(Data for this task)

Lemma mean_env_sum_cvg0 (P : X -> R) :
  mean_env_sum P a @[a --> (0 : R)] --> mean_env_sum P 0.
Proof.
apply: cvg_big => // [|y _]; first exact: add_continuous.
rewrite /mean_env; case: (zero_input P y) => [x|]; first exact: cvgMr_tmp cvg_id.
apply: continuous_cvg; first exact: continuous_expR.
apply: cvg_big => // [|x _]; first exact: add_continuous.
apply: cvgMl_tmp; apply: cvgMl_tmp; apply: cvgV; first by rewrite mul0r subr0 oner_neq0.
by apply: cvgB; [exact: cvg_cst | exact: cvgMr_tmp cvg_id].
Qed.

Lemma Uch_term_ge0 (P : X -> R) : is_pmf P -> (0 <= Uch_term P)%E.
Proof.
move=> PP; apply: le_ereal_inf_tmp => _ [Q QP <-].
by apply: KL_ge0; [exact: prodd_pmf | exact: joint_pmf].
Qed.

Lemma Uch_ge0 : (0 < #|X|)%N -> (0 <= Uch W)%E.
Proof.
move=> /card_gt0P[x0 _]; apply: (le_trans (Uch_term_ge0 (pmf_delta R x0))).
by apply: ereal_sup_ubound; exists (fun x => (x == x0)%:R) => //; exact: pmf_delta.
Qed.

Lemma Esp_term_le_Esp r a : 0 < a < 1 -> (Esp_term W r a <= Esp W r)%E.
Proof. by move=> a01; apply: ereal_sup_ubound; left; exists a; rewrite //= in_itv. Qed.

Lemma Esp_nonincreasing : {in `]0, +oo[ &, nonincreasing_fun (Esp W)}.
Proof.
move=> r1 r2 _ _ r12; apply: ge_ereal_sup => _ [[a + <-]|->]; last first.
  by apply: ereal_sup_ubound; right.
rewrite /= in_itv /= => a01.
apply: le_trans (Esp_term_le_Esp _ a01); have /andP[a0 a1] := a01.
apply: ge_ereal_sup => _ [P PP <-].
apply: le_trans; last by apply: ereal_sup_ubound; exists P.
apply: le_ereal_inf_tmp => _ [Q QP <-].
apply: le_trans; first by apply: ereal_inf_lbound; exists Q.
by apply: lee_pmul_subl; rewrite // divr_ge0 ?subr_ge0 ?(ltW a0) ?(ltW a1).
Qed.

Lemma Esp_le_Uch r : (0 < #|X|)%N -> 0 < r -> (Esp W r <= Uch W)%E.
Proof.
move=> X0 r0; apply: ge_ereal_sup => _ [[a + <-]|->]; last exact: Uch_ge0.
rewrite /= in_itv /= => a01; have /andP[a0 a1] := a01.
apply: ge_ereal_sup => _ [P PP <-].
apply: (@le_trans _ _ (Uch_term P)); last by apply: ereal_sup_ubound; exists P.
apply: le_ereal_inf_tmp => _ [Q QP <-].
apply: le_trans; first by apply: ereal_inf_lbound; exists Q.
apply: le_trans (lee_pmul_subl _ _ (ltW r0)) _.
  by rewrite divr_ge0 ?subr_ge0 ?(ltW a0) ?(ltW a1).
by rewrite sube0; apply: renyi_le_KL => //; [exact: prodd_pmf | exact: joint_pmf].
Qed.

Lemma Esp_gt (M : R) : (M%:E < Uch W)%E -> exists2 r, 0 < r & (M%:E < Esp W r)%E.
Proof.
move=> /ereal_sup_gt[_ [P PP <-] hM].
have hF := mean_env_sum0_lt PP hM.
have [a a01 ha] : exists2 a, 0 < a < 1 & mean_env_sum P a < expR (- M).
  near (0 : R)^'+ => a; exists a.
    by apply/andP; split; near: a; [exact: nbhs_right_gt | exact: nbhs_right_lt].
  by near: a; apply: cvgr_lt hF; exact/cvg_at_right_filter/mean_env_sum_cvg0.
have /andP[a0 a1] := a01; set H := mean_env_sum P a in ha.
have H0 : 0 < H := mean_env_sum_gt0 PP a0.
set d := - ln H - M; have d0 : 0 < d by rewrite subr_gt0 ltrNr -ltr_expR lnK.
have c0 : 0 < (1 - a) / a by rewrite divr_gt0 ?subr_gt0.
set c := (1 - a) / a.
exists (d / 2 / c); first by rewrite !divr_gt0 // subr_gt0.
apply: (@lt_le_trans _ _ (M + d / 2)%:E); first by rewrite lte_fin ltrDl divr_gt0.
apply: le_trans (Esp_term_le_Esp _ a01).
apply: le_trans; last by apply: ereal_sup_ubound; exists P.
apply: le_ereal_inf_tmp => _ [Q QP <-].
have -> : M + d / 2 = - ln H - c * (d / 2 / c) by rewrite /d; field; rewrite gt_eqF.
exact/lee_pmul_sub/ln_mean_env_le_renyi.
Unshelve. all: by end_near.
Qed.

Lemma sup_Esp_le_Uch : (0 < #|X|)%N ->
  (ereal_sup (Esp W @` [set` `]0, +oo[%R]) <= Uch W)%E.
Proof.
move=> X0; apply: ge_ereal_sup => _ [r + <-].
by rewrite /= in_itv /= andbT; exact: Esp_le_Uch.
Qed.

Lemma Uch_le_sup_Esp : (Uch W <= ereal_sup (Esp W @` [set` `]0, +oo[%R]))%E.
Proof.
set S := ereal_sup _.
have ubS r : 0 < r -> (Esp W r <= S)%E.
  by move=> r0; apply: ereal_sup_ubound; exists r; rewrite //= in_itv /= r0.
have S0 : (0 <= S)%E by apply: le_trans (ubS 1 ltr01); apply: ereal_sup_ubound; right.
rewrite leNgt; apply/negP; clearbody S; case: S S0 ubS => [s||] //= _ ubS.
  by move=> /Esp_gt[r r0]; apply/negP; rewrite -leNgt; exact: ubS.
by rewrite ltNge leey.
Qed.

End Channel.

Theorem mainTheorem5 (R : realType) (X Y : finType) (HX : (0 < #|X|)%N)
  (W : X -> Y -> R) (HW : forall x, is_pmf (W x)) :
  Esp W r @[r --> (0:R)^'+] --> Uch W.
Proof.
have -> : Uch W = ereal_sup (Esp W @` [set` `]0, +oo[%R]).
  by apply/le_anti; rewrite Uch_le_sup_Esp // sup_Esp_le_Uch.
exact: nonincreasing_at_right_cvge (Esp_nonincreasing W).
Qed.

(End Data for this task)
(Data for this task)

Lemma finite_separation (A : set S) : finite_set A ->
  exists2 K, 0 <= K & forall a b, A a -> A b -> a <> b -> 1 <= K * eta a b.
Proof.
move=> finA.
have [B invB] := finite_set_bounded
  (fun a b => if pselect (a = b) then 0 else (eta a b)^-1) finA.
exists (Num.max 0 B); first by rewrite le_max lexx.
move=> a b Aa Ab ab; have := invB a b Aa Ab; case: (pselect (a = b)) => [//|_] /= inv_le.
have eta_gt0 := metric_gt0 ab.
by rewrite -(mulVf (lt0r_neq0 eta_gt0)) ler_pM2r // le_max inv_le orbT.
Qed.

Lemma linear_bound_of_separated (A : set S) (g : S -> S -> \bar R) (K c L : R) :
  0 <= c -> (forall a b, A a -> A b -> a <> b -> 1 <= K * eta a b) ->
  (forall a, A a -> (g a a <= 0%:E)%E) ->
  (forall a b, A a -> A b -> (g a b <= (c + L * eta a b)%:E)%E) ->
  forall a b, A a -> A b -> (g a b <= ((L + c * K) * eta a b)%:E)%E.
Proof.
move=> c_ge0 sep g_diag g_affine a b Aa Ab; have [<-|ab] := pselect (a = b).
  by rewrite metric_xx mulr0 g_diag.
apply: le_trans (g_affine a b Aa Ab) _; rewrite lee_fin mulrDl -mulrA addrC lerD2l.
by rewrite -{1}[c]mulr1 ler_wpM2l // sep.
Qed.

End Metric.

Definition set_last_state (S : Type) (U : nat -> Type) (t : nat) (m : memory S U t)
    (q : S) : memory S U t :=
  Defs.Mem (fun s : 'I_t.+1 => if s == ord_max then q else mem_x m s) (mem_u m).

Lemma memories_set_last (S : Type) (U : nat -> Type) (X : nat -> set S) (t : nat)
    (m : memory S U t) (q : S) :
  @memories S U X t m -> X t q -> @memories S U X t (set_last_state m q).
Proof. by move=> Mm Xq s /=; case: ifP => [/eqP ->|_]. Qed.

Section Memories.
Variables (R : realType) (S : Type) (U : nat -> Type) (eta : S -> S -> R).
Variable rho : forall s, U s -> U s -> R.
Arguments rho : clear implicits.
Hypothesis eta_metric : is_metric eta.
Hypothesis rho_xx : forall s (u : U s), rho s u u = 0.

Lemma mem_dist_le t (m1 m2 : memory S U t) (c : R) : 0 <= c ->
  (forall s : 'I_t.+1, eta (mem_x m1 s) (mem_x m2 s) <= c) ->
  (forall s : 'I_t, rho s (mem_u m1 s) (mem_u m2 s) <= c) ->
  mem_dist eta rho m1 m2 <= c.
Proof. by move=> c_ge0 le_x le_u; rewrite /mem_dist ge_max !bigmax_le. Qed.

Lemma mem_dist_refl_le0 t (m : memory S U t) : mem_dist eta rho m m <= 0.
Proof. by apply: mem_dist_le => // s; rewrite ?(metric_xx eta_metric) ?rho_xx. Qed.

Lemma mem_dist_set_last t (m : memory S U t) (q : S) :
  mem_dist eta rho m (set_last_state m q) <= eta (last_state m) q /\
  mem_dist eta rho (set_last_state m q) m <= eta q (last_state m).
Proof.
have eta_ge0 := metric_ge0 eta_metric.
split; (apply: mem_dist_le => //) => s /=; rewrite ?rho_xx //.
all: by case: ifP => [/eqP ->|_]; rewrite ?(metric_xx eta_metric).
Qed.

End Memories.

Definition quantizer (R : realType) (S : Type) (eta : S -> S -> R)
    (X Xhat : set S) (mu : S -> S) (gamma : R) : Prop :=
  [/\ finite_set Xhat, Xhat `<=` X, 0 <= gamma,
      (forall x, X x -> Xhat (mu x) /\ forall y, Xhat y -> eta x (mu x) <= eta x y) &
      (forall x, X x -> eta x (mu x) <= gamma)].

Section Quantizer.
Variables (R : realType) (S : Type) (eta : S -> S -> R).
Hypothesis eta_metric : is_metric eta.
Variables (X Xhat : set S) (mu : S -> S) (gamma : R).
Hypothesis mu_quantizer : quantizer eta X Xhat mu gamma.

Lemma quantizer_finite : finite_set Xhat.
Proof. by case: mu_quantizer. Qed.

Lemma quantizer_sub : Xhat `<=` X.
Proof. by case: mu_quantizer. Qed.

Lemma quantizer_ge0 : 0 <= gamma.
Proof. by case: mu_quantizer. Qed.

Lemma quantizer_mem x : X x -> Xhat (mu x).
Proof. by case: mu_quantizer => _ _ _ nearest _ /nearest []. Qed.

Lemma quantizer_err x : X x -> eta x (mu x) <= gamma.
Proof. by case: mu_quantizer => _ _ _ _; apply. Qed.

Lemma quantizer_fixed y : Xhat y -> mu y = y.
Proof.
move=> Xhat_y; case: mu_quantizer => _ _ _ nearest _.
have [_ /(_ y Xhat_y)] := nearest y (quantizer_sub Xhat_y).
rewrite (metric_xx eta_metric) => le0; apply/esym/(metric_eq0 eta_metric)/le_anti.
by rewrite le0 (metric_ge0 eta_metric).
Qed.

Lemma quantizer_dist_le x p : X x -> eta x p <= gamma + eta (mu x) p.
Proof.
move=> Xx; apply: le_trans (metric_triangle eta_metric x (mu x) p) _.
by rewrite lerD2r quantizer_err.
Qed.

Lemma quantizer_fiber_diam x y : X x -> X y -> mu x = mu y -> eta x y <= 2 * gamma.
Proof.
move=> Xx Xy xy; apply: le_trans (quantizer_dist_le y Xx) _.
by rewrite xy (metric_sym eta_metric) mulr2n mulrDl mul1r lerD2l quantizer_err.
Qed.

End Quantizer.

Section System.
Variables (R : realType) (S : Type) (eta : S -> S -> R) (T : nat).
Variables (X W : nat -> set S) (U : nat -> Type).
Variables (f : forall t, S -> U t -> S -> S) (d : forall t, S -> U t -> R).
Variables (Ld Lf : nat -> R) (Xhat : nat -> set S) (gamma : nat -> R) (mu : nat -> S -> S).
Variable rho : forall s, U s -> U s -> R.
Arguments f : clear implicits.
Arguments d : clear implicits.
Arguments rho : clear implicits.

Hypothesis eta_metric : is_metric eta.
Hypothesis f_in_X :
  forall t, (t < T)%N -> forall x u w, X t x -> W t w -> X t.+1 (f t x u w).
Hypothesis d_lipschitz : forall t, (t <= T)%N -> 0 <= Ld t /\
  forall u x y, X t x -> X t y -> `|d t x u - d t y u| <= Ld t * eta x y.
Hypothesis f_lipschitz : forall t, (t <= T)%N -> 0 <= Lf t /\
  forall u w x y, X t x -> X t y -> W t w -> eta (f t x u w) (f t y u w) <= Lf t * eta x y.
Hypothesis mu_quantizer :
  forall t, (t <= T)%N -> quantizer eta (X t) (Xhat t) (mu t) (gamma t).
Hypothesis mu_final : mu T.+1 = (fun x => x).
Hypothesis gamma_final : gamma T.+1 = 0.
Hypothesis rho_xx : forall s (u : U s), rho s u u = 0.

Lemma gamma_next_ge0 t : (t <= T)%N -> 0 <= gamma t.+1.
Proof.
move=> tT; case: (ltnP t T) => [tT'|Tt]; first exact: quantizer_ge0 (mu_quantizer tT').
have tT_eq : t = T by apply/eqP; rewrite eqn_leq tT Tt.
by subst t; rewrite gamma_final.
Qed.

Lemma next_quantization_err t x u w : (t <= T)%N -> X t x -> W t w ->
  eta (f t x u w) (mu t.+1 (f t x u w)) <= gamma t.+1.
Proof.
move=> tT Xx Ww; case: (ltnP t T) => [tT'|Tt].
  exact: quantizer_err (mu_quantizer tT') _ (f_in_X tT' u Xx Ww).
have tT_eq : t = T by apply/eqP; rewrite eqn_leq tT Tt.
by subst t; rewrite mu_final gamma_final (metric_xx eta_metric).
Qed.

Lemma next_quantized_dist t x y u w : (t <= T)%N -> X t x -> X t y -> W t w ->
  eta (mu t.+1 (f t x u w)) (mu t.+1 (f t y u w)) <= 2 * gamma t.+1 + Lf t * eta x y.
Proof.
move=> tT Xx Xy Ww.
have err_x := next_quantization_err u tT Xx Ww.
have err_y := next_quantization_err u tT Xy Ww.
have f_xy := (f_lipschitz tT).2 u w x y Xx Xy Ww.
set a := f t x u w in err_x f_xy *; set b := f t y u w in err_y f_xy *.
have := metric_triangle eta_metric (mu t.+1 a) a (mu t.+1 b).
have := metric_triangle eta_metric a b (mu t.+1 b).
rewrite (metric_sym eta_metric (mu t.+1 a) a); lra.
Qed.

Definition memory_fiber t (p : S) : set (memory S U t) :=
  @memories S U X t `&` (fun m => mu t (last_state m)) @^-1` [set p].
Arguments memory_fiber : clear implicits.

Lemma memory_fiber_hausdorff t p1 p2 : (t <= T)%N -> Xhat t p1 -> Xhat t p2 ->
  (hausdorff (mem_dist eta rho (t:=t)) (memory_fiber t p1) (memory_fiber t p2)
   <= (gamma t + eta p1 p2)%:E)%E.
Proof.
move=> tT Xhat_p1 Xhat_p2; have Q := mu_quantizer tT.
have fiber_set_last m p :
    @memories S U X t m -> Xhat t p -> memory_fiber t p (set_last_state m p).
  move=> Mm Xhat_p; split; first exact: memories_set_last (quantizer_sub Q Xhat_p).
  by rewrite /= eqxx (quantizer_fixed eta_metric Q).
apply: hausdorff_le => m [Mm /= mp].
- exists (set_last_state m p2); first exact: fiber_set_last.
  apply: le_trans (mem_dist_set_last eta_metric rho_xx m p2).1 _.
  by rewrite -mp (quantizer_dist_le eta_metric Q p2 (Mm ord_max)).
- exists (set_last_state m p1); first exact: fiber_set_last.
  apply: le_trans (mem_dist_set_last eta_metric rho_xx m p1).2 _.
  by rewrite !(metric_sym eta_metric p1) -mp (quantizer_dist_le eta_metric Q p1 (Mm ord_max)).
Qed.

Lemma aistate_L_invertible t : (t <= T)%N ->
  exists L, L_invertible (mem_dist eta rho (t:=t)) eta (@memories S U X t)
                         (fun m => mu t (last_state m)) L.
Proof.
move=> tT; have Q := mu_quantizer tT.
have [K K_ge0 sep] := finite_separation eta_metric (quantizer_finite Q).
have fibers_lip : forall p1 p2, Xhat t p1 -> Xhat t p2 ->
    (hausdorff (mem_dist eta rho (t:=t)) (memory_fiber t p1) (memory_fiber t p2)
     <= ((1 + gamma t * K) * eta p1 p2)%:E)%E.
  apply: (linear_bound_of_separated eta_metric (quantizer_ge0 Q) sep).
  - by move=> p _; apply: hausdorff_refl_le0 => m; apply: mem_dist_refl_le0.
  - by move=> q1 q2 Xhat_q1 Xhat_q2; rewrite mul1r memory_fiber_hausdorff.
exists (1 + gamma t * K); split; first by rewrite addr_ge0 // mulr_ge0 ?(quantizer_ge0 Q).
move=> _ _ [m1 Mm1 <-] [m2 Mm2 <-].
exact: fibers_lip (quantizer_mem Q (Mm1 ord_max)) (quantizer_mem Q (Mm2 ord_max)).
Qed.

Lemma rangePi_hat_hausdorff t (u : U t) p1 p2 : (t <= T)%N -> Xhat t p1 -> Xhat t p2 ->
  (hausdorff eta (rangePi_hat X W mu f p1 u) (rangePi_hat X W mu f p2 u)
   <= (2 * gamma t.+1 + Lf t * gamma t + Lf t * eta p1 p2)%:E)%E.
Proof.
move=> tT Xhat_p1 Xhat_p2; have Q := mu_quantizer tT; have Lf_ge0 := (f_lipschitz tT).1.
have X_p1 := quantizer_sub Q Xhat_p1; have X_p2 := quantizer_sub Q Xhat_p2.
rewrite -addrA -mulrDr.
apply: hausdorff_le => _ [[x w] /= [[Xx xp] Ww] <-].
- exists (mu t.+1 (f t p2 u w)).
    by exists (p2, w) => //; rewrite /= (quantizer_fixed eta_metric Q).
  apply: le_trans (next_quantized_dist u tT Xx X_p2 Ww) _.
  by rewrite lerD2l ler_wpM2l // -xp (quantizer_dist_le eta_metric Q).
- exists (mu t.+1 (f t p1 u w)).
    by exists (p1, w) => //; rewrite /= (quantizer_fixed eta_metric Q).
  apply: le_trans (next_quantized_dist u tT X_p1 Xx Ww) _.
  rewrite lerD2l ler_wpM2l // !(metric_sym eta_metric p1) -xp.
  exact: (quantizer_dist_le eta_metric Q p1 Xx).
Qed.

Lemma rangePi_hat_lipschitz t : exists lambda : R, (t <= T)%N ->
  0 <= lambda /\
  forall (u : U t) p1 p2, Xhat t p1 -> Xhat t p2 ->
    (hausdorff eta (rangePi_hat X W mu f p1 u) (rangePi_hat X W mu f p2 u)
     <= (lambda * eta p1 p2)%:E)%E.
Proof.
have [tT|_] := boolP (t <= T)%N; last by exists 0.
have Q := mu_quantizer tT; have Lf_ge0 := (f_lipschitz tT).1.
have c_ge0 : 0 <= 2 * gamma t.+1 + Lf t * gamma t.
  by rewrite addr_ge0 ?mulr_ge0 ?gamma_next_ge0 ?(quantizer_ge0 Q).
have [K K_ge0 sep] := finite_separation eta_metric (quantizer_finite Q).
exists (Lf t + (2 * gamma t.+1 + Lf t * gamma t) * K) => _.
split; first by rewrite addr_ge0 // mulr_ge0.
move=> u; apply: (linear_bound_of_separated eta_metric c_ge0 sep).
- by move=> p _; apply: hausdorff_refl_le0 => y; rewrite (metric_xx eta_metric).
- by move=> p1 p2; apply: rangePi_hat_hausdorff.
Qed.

(End Data for this task)

— What you have to do —
In the entries above, find the line with "Lemma mean_env_sum_cvg0 (P" and the line with "apply: continuous_cvg; first", then restate word for word both of them and every line between, with nothing more.

— Solution to the problem —
Lemma mean_env_sum_cvg0 (P : X -> R) :
  mean_env_sum P a @[a --> (0 : R)] --> mean_env_sum P 0.
Proof.
apply: cvg_big => // [|y _]; first exact: add_continuous.
rewrite /mean_env; case: (zero_input P y) => [x|]; first exact: cvgMr_tmp cvg_id.
apply: continuous_cvg; first exact: continuous_expR.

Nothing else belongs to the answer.